Statistical Analysis.

Data are presented as the mean ± S.D. Statistical analyses were performed using IBM SPSS 20 (IBM, Armonk, NY). Comparison between groups was performed using one-way analysis of variance, followed by the Scheffe’s procedure for the post hoc test. P < 0.05 was considered to be statistically significant.

Results

Dose of Phenobarbital Treatment at Early Life Is a Key Factor for the Persistent Induction of Gene Expression and Enzyme Activities of Cyp2b, Cyp2c, and Cyp3a in Adult Mouse Liver.

Mouse was selected in this study rather than rat because of our prior studies of P450 ontogeny in mouse liver (Hart et al., 2009; Peng et al., 2012). Human subjects were not included in this study because direct work on human subjects would require tracking phenobarbital-treated infants into adulthood for at least 15–20 years, which would be cost prohibitive and difficult to control factors outside of phenobarbital treatment.
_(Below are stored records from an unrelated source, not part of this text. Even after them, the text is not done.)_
Lemma cheeger_le_Pm (c : R) E : c%:E <= cheeger_const m nu -> measurable E ->
  nu E <= (2^-1)%:E ->
  c%:E * nu E <= Pm m nu E.
Proof.
move=> c_le mE.
have [a nuE] := nu_EFin mE; rewrite nuE lee_fin => a_le.
have [->|a_gt0] := eqVneq a 0%R; first by rewrite mule0; apply: integral_ge0.
have {a_gt0}a_gt0 : (0 < a)%R by rewrite lt0r a_gt0 -lee_fin -nuE measure_ge0.
rewrite -lee_pdivlMr //; apply: (le_trans c_le); apply: ereal_inf_lbound.
exists E => /=; first by rewrite nuE !lte_fin; split => //; split => //; lra.
rewrite (nu_setC_EFin mE nuE) nuE min_l ?lee_fin; last by lra.
by rewrite inver gt_eqF.
Qed.

Lemma cheeger_eseries_superlevel_le (c dl : R) (v : X -> R) :
  (0 <= c)%R -> (0 < dl)%R -> c%:E <= cheeger_const m nu ->
  measurable_fun setT v -> is_median nu v 0 ->
  (2 * c)%:E * \sum_(0 <= k <oo) (dl%:E * nu [set y | k%:R * dl < v y]%R) <=
  \sum_(0 <= k <oo) (dl%:E * (Pm m nu [set y | k%:R * dl < v y]%R +
                              Pm m nu [set y | k%:R * dl < v y]%R)).
Proof.
move=> c_ge0 dl_gt0 c_le mv med; have dl_ge0 := ltW dl_gt0.
rewrite -nneseriesZl; last first.
  by move=> k _; apply: mule_ge0; [rewrite lee_fin|exact: measure_ge0].
apply: lee_nneseries => [k _ _|k _].
  by apply: mule_ge0; [rewrite lee_fin mulr_ge0|apply: mule_ge0].
rewrite muleCA; apply: lee_wpmul2l; first by rewrite lee_fin.
have nu_level : nu [set y | k%:R * dl < v y]%R <= (2^-1)%:E.
  rewrite -[X in _ <= X]mule1 -nu_setT.
  by apply: median0_superlevel_le => //; rewrite mulr_ge0.
have Pm_ge := cheeger_le_Pm c_le (measurable_superlevel _ mv) nu_level.
apply: le_trans (leeD Pm_ge Pm_ge).
by rewrite -ge0_muleDl ?lee_fin // -EFinD mulr_natl mulr2n.
Qed.

Lemma eseries_Pm_superlevel_le (dl : R) (u : X -> R) :
  measurable_fun setT u -> (0 < dl)%R ->
  \sum_(0 <= k <oo) (dl%:E * (Pm m nu [set y | k%:R * dl < u y]%R +
                              Pm m nu [set y | k%:R * dl < u y]%R)) +
  \sum_(0 <= k <oo) (dl%:E * (Pm m nu [set y | k%:R * dl < - u y]%R +
                              Pm m nu [set y | k%:R * dl < - u y]%R)) <=
  \int[nu]_x \int[m x]_y (`|u y - u x|)%:E + (2 * dl)%:E.
Proof.
move=> mu dl_gt0; have dl_ge0 := ltW dl_gt0.
have mNu : measurable_fun setT (fun x => - u x)%R by exact: measurableT_comp.
have mE k : measurable [set y | k%:R * dl < u y]%R by exact: measurable_superlevel.
have mF k : measurable [set y | k%:R * dl < - u y]%R by exact: measurable_superlevel.
have jump_ge0 (B : nat -> set X) x :
    0 <= \sum_(0 <= k <oo) (dl%:E * indic_jump m (B k) x).
  apply: nneseries_ge0 => k _ _.
  by apply: mule_ge0; [rewrite lee_fin|exact: indic_jump_ge0].
rewrite -!integral_eseries_indic_jump //.
rewrite -ge0_integralD;
  [|by []|by move=> x _; exact: jump_ge0|by apply: measurable_eseries_indic_jump
   |by move=> x _; exact: jump_ge0|by apply: measurable_eseries_indic_jump].
apply: (@le_trans _ _ (\int[nu]_x (\int[m x]_y (`|u y - u x|)%:E + (2 * dl)%:E))%E).
  apply: ge0_le_integral => //.
  - by move=> x _; apply: adde_ge0; exact: jump_ge0.
  - by apply: emeasurable_funD; apply: measurable_eseries_indic_jump.
  - by apply: emeasurable_funD; [exact: measurable_kernel_absdiff|exact: measurable_cst].
  - by move=> x _; exact: eseries_indic_jump_superlevel_le.
rewrite ge0_integralD;
  [|by []|by move=> x _; apply: integral_ge0|exact: measurable_kernel_absdiff
   |by move=> x _; rewrite lee_fin mulr_ge0|exact: measurable_cst].
by rewrite integral_cst // nu_setT mule1.
Qed.

Lemma cheeger_coarea_le (c dl : R) (u : X -> R) :
  (0 <= c)%R -> c%:E <= cheeger_const m nu -> measurable_fun setT u ->
  is_median nu u 0 -> (0 < dl)%R ->
  (2 * c)%:E * \int[nu]_x (`|u x|)%:E <=
  \int[nu]_x \int[m x]_y (`|u y - u x|)%:E + (2 * dl)%:E.
Proof.
move=> c_ge0 c_le mu med dl_gt0.
have mNu : measurable_fun setT (fun x => - u x)%R by exact: measurableT_comp.
have series_ge0 (B : nat -> set X) : 0 <= \sum_(0 <= k <oo) (dl%:E * nu (B k)).
  apply: nneseries_ge0 => k _ _.
  by apply: mule_ge0; [rewrite lee_fin ltW|exact: measure_ge0].
apply: le_trans (lee_wpmul2l _ (integral_abs_le_eseries_superlevel nu mu dl_gt0)) _.
  by rewrite lee_fin mulr_ge0.
rewrite ge0_muleDr //; apply: le_trans (eseries_Pm_superlevel_le mu dl_gt0).
apply: leeD; first exact: cheeger_eseries_superlevel_le.
by apply: cheeger_eseries_superlevel_le => //; exact: is_median0N.
Qed.

Lemma cheeger_mul_L1_le_TVm (c : R) (u : X -> R) :
  (0 <= c)%R -> c%:E <= cheeger_const m nu -> measurable_fun setT u ->
  is_median nu u 0 -> c%:E * \int[nu]_x (`|u x|)%:E <= TVm m nu u.
Proof.
move=> c_ge0 c_le mu med.
have two_c : (2 * c)%:E * \int[nu]_x (`|u x|)%:E <=
    \int[nu]_x \int[m x]_y (`|u y - u x|)%:E.
  apply/lee_addgt0Pr => e e_gt0.
  have := cheeger_coarea_le c_ge0 c_le mu med (divr_gt0 e_gt0 (ltr0n _ 2)).
  by rewrite mulrCA mulfV ?mulr1 // pnatr_eq0.
have -> : c%:E = (2^-1)%:E * (2 * c)%:E by rewrite -EFinM mulrA mulVf ?mul1r // pnatr_eq0.
by rewrite -muleA /TVm lee_wpmul2l // lee_fin invr_ge0.
Qed.

Lemma cheeger_le_TVm (u : X -> R) : measurable_fun setT u ->
  \int[nu]_x (`|u x|)%:E = 1 -> is_median nu u 0 -> cheeger_const m nu <= TVm m nu u.
Proof.
move=> mu u_norm med; apply: lee_ge0_lbounds => [|c c_ge0 c_le].
  apply: mule_ge0; first by rewrite lee_fin invr_ge0.
  by apply: integral_ge0 => x _; apply: integral_ge0.
by rewrite -[c%:E]mule1 -u_norm cheeger_mul_L1_le_TVm.
Qed.

End Cheeger.

Unset Implicit Arguments.

Theorem theorem3p11 (R : realType) (disp : measure_display) (X : measurableType disp)
    (d : X -> X -> R) (m : R.-pker X ~> X) (nu : probability X R) :
  metric_random_walk_space d m ->
  m_invariant m nu -> m_reversible m nu ->
  cheeger_const m nu = lambda1 m nu.
Proof.
move=> _ _ nu_rev; have nu_setT := probability_setT nu.
apply/eqP; rewrite eq_le lambda1_le_cheeger // andbT.
by apply/ereal_infP => _ [u [mu [_ [u_norm med]]] <-]; exact: cheeger_le_TVm.
Qed.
Mice at day 5 after birth were intraperitoneally injected with a single dose of either saline (control) or phenobarbital from 20 to 250 mg/kg in saline. At day 60 after birth, the mice were killed and livers were harvested for determination of mRNAs, proteins, and in vitro enzyme activities of Cyp2b, Cyp2c, and Cyp3a. Phenobarbital treatment at early life resulted in statistically significant increases of mRNA levels in both male and female mouse livers only in the groups with a dose higher than 100 mg/kg for Cyp2b10 and 140 mg/kg for Cyp2c29 and Cyp3a11 (Fig. 1A). For example, the average mRNA levels of Cyp2b10, Cyp2c29, and Cyp3a11 in the 250 mg/kg group of male and female mice together increased 20-, 4-, and 30-fold, respectively, in comparison with the control group. A statistically significant higher mRNA level was found in female mice than in male mice for Cyp2b10, but not for Cyp2c29 and Cyp3a11 in all groups with a dose higher than 100 mg/kg.

Fig. 1.

Fig. 1.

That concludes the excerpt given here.